▸ TASK GOAL
Taking the listing below, restate word for word each line from the line with "Definition survives (S" to the line with "From mathcomp Require Import zify ring lra.", ends included, and stop there.

Top of STUDY MATERIAL

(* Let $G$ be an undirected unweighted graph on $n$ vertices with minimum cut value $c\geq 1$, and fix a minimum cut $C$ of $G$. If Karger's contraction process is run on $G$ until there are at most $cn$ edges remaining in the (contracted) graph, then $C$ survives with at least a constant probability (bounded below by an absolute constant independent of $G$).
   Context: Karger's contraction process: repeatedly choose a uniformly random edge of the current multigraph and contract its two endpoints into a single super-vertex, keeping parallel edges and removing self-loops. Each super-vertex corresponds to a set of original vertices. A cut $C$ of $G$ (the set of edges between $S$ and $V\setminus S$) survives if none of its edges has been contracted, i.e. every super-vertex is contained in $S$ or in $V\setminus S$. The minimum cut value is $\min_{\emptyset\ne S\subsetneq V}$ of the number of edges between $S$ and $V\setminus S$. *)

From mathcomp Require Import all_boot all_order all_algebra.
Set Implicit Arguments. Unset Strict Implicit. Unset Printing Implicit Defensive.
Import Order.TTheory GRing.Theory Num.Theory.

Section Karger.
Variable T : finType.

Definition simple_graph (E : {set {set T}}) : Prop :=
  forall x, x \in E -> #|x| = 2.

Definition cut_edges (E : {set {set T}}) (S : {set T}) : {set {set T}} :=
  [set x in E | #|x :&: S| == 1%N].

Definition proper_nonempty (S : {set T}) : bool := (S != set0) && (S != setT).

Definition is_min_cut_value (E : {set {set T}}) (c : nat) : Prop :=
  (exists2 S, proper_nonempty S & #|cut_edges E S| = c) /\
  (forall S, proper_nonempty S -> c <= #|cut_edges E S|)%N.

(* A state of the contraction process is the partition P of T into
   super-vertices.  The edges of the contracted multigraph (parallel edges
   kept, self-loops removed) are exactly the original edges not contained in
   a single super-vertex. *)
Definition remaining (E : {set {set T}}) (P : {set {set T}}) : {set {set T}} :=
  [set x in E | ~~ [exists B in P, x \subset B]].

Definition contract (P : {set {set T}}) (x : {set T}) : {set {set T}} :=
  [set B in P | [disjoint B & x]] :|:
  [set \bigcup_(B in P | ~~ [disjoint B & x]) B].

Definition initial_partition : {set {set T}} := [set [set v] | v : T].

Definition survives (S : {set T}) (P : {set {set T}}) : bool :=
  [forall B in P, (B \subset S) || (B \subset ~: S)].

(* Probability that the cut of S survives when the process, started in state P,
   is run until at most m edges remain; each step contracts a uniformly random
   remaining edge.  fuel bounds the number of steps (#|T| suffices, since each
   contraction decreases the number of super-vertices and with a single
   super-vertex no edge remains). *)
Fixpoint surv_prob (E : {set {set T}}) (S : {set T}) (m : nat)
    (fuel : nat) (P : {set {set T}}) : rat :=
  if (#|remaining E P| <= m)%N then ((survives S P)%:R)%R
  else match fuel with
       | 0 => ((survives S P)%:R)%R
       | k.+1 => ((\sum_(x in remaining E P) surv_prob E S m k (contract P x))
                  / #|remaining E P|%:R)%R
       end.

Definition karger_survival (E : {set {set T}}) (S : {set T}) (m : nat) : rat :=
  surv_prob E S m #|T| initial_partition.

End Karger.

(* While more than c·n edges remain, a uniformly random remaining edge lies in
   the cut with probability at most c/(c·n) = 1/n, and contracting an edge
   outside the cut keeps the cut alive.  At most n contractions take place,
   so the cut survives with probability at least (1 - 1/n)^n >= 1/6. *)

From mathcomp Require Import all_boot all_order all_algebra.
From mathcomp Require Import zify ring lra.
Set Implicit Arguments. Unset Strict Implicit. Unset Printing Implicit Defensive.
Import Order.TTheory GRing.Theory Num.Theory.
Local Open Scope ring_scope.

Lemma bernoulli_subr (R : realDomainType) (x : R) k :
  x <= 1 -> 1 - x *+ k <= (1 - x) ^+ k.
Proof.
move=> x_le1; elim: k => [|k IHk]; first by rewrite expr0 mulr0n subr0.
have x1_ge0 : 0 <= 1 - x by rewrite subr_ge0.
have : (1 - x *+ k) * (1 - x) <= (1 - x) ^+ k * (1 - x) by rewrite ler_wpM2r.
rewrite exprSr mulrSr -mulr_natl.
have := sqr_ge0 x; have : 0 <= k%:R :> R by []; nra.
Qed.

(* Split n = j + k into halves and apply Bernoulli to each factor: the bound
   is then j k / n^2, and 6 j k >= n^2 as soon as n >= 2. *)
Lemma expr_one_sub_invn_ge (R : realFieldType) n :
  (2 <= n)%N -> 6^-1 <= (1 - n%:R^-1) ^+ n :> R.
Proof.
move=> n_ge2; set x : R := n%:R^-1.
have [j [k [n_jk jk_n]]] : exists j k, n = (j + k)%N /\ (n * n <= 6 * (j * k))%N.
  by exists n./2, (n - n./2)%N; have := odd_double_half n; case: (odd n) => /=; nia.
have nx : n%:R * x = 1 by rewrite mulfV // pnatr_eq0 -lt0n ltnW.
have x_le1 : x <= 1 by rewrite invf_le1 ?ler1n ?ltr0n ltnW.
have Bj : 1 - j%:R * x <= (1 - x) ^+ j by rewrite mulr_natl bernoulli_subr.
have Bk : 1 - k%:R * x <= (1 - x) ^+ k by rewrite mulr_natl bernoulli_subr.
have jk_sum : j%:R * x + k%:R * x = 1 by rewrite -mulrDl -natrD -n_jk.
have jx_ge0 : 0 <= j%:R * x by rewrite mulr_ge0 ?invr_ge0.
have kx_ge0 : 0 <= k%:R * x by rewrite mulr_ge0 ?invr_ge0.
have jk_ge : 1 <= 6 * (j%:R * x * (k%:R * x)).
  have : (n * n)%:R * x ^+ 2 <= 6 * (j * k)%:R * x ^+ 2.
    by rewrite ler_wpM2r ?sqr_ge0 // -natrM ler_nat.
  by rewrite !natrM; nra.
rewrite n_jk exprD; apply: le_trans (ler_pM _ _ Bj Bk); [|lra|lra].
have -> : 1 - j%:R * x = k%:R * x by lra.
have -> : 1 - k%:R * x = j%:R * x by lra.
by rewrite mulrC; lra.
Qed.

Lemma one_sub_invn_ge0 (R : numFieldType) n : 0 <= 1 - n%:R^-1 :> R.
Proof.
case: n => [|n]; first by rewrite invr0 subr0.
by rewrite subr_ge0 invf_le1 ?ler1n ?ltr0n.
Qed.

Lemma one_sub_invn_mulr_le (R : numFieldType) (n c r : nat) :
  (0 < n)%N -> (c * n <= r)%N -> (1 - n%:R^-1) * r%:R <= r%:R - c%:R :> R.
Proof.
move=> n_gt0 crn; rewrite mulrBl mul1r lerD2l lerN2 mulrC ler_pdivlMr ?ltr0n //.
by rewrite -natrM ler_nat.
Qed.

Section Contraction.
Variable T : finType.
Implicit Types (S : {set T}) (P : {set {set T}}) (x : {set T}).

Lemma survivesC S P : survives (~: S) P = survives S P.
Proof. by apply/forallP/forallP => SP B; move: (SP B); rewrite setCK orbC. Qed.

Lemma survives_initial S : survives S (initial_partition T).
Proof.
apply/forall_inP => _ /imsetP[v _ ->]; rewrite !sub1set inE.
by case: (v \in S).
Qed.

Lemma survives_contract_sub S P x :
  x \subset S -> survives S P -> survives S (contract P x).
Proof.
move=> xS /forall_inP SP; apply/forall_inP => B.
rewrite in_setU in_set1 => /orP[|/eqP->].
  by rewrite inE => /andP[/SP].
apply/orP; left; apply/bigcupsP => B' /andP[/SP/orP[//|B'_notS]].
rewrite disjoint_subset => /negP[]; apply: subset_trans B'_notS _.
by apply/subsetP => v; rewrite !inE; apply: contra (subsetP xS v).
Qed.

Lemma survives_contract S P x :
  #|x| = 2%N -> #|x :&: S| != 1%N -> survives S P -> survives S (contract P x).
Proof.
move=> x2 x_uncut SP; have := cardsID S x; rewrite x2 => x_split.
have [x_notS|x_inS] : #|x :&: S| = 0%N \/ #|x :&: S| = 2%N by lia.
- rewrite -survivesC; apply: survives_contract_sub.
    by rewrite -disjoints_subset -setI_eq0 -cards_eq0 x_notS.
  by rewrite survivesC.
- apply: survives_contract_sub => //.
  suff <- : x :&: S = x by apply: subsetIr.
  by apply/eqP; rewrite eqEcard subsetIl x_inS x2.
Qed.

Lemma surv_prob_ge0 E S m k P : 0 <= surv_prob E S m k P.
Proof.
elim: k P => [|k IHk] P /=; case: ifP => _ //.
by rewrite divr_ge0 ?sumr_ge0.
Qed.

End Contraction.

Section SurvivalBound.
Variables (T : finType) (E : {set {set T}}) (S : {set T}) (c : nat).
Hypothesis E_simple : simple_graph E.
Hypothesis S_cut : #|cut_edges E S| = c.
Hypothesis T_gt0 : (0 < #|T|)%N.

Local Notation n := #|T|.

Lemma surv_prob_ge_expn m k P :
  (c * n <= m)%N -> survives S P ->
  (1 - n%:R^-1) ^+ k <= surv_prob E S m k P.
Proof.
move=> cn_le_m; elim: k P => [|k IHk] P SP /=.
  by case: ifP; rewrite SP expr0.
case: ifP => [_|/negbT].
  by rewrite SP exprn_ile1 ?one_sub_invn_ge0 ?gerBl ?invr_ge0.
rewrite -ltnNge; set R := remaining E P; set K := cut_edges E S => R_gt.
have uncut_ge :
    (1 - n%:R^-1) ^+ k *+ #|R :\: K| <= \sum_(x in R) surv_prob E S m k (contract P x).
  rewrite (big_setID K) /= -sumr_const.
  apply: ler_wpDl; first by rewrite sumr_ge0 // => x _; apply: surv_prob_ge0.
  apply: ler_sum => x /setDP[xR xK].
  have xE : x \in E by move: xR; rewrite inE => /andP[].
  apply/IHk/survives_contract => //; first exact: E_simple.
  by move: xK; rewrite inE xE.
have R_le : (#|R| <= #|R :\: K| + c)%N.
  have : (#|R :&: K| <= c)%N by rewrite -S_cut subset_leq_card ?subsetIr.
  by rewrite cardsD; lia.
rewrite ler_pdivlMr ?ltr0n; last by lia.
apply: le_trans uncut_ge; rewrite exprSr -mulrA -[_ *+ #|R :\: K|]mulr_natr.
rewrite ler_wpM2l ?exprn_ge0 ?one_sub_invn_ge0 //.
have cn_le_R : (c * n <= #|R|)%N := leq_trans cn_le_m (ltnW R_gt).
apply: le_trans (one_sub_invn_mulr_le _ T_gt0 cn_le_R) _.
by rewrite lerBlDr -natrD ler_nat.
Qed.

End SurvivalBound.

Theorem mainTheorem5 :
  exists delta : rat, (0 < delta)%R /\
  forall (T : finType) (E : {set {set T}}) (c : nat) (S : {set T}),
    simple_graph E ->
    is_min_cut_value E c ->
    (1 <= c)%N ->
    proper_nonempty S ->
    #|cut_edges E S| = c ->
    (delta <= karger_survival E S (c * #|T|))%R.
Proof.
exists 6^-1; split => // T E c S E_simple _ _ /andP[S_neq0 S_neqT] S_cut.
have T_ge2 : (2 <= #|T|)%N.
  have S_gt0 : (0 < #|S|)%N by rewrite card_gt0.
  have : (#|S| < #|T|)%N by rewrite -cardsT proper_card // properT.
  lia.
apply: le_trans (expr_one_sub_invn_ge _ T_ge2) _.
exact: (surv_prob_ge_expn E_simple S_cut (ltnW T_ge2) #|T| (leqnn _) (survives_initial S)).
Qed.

Bottom of STUDY MATERIAL

▸ YOUR SOLUTION
Definition survives (S : {set T}) (P : {set {set T}}) : bool :=
  [forall B in P, (B \subset S) || (B \subset ~: S)].

(* Probability that the cut of S survives when the process, started in state P,
   is run until at most m edges remain; each step contracts a uniformly random
   remaining edge.  fuel bounds the number of steps (#|T| suffices, since each
   contraction decreases the number of super-vertices and with a single
   super-vertex no edge remains). *)
Fixpoint surv_prob (E : {set {set T}}) (S : {set T}) (m : nat)
    (fuel : nat) (P : {set {set T}}) : rat :=
  if (#|remaining E P| <= m)%N then ((survives S P)%:R)%R
  else match fuel with
       | 0 => ((survives S P)%:R)%R
       | k.+1 => ((\sum_(x in remaining E P) surv_prob E S m k (contract P x))
                  / #|remaining E P|%:R)%R
       end.

Definition karger_survival (E : {set {set T}}) (S : {set T}) (m : nat) : rat :=
  surv_prob E S m #|T| initial_partition.

End Karger.

(* While more than c·n edges remain, a uniformly random remaining edge lies in
   the cut with probability at most c/(c·n) = 1/n, and contracting an edge
   outside the cut keeps the cut alive.  At most n contractions take place,
   so the cut survives with probability at least (1 - 1/n)^n >= 1/6. *)

From mathcomp Require Import all_boot all_order all_algebra.
From mathcomp Require Import zify ring lra.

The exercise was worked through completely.